WHAT YOU SHOULD DO:
In the material below, find all lines with the string "else" and copy them.

--- EXERCISE INPUTS Enclosed Below ---

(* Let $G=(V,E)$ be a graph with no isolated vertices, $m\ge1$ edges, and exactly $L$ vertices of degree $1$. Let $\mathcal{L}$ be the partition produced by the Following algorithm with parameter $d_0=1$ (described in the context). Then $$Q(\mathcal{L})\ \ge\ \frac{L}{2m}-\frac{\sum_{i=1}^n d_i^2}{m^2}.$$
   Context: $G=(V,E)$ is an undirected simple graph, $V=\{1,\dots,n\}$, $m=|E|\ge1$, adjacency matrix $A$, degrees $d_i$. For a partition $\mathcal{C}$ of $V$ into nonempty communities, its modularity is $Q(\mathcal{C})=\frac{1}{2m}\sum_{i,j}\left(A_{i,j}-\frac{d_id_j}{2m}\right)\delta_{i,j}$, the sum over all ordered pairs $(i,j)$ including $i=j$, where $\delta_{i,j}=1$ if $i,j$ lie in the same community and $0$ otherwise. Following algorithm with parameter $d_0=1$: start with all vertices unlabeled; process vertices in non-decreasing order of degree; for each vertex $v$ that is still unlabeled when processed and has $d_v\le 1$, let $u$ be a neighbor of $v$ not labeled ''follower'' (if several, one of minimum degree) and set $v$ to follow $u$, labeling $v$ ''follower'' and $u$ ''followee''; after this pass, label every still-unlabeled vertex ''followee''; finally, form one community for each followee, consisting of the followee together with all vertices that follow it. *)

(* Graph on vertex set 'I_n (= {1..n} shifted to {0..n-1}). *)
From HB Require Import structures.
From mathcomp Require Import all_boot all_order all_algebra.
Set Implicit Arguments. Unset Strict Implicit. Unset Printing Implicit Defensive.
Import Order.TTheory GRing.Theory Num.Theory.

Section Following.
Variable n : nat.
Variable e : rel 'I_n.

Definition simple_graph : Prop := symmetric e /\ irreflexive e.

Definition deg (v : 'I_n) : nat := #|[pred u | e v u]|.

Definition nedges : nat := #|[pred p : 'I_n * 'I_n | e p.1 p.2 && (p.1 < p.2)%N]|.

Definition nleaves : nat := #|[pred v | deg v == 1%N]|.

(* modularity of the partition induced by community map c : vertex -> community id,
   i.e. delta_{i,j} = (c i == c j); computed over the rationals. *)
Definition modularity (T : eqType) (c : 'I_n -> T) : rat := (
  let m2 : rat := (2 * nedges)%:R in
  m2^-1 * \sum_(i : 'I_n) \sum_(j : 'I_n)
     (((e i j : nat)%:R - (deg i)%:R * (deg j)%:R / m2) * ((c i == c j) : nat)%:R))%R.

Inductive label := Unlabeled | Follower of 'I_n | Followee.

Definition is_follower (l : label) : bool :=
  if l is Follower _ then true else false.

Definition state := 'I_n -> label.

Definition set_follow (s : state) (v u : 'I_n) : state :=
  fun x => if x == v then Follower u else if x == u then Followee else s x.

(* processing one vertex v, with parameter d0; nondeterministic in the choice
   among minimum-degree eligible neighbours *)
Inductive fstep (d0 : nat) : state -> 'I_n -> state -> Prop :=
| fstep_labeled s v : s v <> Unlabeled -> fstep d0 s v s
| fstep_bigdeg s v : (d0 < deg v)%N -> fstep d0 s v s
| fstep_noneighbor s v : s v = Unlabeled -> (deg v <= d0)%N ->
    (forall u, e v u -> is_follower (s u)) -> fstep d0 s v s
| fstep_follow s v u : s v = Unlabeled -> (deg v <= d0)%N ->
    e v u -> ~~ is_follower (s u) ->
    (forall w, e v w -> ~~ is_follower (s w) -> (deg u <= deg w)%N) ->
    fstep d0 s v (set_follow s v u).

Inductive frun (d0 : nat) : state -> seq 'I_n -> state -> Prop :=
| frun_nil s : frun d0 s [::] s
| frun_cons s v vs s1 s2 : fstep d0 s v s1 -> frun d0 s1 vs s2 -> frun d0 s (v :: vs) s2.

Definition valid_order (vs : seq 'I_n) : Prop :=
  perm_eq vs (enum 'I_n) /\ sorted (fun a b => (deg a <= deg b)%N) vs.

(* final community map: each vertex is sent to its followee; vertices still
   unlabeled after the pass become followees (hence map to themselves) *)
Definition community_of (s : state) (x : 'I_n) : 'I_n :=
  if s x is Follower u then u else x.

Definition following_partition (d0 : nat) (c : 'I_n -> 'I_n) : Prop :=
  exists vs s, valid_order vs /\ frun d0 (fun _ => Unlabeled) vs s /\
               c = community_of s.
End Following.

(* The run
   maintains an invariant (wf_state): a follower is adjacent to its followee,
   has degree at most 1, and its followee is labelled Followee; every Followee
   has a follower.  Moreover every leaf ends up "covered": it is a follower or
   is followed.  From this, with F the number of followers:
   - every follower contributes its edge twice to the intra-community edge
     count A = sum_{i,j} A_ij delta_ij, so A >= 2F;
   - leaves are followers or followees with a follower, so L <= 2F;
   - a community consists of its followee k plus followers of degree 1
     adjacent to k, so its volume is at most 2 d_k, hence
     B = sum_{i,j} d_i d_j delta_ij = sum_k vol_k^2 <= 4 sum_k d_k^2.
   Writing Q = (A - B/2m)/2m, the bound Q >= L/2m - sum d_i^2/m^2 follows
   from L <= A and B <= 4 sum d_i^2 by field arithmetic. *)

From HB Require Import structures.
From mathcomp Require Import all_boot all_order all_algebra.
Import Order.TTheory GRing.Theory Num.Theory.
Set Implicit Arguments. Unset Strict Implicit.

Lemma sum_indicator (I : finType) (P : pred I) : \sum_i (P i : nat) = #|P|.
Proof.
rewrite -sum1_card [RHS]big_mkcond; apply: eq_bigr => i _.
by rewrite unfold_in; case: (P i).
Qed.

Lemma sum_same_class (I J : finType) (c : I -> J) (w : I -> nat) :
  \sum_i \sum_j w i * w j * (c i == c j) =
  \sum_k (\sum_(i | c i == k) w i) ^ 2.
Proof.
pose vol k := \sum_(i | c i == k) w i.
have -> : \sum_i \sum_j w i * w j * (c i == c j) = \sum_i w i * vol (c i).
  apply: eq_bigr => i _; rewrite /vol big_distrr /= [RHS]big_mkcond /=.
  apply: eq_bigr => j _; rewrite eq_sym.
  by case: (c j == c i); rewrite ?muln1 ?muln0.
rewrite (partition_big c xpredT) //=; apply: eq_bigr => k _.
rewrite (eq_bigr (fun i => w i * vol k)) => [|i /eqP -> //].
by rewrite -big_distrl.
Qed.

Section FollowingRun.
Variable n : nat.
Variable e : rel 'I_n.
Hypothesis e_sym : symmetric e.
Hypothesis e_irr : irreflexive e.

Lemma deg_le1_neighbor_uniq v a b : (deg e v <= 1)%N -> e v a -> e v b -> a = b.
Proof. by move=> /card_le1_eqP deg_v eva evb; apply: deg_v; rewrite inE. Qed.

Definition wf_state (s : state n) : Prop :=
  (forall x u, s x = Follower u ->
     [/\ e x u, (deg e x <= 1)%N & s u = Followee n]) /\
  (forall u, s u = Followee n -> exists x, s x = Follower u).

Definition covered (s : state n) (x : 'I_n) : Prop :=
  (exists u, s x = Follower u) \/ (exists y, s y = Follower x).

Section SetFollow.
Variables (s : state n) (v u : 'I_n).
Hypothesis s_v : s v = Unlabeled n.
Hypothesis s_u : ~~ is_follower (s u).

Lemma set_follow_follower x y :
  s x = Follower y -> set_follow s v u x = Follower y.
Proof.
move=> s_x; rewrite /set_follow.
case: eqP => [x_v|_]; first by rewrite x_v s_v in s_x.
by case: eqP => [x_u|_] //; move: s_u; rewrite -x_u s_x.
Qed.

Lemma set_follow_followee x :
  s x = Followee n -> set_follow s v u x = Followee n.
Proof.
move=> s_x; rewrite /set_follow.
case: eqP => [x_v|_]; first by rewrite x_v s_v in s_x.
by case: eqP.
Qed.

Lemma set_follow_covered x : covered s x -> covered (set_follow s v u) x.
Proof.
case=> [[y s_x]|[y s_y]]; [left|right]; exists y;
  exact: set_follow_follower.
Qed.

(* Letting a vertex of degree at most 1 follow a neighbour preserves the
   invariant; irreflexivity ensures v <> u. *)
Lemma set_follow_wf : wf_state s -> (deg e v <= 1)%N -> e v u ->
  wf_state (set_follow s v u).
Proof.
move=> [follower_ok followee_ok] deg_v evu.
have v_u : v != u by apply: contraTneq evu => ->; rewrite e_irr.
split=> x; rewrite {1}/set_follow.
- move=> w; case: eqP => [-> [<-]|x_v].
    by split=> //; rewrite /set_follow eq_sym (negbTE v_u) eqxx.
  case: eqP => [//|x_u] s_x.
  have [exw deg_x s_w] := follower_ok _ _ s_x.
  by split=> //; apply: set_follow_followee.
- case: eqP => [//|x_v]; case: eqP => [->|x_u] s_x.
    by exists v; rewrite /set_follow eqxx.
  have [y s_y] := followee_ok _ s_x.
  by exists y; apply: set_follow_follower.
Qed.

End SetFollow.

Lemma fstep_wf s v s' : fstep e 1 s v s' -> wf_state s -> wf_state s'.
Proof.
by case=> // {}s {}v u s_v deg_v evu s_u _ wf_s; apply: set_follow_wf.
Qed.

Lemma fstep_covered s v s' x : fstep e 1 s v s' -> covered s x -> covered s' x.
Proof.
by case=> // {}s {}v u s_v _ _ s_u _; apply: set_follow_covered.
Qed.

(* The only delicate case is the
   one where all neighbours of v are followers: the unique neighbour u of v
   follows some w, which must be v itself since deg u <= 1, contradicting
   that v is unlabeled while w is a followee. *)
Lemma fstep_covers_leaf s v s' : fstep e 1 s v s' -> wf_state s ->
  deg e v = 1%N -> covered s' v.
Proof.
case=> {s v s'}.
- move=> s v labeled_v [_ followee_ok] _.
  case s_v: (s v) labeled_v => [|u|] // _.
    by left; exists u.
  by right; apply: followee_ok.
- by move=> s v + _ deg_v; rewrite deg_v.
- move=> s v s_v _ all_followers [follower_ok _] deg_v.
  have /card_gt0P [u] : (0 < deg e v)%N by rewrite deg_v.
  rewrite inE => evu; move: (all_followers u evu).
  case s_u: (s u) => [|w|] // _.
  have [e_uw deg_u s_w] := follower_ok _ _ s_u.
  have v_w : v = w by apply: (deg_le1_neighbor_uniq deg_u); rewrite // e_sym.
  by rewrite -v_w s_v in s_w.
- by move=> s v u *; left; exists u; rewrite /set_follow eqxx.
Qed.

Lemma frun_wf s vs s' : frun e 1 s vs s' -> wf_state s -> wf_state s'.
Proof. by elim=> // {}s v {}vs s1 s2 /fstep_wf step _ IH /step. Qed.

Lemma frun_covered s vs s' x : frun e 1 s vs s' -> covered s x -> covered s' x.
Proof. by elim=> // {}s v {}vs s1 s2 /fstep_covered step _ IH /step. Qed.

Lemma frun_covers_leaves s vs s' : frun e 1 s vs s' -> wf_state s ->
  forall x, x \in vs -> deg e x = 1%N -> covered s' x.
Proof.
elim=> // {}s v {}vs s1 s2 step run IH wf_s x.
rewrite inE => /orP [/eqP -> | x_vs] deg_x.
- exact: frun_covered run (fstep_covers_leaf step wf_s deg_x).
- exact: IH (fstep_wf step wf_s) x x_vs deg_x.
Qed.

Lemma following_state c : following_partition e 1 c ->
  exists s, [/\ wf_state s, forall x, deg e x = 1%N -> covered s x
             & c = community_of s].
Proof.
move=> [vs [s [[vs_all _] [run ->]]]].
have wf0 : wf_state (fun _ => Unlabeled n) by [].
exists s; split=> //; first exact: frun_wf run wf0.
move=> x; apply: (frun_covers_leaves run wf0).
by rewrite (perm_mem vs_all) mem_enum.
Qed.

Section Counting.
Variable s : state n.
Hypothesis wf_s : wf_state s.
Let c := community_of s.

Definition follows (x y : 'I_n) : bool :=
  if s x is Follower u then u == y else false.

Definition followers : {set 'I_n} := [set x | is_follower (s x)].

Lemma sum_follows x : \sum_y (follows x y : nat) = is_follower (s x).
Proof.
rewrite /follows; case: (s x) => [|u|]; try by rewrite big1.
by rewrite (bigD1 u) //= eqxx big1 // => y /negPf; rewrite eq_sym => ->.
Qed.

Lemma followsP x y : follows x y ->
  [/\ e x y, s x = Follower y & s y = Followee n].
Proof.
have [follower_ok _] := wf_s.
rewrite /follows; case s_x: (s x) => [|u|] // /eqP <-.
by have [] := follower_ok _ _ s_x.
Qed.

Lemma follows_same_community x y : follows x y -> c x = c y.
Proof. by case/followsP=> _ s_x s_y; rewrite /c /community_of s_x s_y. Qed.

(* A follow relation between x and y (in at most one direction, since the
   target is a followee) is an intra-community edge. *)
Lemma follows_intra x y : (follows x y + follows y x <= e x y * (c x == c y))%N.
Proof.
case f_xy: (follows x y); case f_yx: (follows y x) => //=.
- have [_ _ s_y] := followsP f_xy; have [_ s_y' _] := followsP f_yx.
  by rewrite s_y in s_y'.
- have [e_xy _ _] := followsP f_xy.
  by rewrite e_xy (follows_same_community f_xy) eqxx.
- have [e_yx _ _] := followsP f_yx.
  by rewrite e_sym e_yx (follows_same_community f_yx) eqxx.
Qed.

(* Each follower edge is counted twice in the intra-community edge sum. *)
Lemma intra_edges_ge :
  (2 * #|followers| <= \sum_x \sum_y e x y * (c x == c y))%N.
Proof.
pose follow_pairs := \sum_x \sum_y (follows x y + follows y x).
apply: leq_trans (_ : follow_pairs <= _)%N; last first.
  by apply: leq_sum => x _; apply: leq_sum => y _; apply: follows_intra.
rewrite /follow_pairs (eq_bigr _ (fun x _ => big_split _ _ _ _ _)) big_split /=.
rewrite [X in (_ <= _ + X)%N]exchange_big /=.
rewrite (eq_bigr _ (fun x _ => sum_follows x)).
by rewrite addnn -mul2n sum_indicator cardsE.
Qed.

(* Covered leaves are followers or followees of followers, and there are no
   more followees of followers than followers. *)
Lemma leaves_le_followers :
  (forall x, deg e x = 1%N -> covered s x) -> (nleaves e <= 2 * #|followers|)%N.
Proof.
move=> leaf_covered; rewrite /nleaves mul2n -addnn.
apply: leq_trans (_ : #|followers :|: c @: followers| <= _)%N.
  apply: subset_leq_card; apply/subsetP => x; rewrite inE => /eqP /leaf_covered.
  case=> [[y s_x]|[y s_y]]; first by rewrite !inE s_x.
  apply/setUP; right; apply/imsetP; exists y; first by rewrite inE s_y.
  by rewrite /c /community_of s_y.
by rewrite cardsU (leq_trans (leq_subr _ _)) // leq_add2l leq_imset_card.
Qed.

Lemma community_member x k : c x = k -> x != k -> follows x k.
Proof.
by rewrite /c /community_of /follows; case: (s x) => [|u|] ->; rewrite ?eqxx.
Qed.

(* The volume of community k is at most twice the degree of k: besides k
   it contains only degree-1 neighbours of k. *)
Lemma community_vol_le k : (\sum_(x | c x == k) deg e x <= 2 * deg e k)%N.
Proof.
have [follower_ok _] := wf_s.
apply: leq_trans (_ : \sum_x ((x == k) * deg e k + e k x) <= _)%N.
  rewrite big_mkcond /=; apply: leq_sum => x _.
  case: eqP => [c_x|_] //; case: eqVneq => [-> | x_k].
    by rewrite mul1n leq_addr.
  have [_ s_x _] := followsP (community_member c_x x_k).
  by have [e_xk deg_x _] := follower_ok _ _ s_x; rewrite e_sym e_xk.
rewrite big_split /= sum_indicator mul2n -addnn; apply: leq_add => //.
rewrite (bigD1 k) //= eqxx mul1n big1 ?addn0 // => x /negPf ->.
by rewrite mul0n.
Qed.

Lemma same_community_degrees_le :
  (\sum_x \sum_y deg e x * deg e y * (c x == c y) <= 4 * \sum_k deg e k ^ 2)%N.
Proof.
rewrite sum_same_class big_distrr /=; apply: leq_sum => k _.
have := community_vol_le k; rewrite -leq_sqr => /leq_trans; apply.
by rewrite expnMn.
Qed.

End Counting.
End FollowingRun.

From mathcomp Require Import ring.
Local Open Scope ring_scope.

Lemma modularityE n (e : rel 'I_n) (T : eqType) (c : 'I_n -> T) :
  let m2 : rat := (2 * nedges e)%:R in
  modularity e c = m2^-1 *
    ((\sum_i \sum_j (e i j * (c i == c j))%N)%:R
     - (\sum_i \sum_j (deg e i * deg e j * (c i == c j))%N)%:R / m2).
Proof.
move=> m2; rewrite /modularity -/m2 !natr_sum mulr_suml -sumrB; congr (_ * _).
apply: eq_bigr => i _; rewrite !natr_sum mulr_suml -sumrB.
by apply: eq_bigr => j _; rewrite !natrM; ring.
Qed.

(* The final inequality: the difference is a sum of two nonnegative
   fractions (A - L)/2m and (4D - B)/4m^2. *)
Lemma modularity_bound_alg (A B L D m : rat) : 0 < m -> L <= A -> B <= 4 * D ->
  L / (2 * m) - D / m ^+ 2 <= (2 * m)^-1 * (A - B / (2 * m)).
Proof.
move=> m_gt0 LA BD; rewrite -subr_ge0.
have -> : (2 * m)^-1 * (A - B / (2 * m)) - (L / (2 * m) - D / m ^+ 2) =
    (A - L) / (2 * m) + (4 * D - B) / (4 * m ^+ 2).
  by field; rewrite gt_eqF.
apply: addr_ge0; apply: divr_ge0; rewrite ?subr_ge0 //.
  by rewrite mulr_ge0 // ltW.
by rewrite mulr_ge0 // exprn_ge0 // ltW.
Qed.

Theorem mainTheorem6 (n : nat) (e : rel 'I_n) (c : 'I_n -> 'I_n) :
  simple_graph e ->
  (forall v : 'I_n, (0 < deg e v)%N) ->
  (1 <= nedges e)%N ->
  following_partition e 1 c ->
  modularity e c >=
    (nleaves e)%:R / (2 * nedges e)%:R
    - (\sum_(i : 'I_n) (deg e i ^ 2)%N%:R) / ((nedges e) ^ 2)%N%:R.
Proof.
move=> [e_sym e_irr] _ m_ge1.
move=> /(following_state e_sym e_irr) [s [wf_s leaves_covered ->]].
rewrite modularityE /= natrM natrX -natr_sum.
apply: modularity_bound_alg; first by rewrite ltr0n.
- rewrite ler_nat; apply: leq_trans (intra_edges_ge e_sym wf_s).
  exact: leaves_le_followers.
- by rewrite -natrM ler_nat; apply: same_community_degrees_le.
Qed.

--- End of Enclosed EXERCISE INPUTS ---

SOLUTION TO THIS EXERCISE:
  if l is Follower _ then true else false.
  fun x => if x == v then Follower u else if x == u then Followee else s x.
  if s x is Follower u then u else x.
  if s x is Follower u then u == y else false.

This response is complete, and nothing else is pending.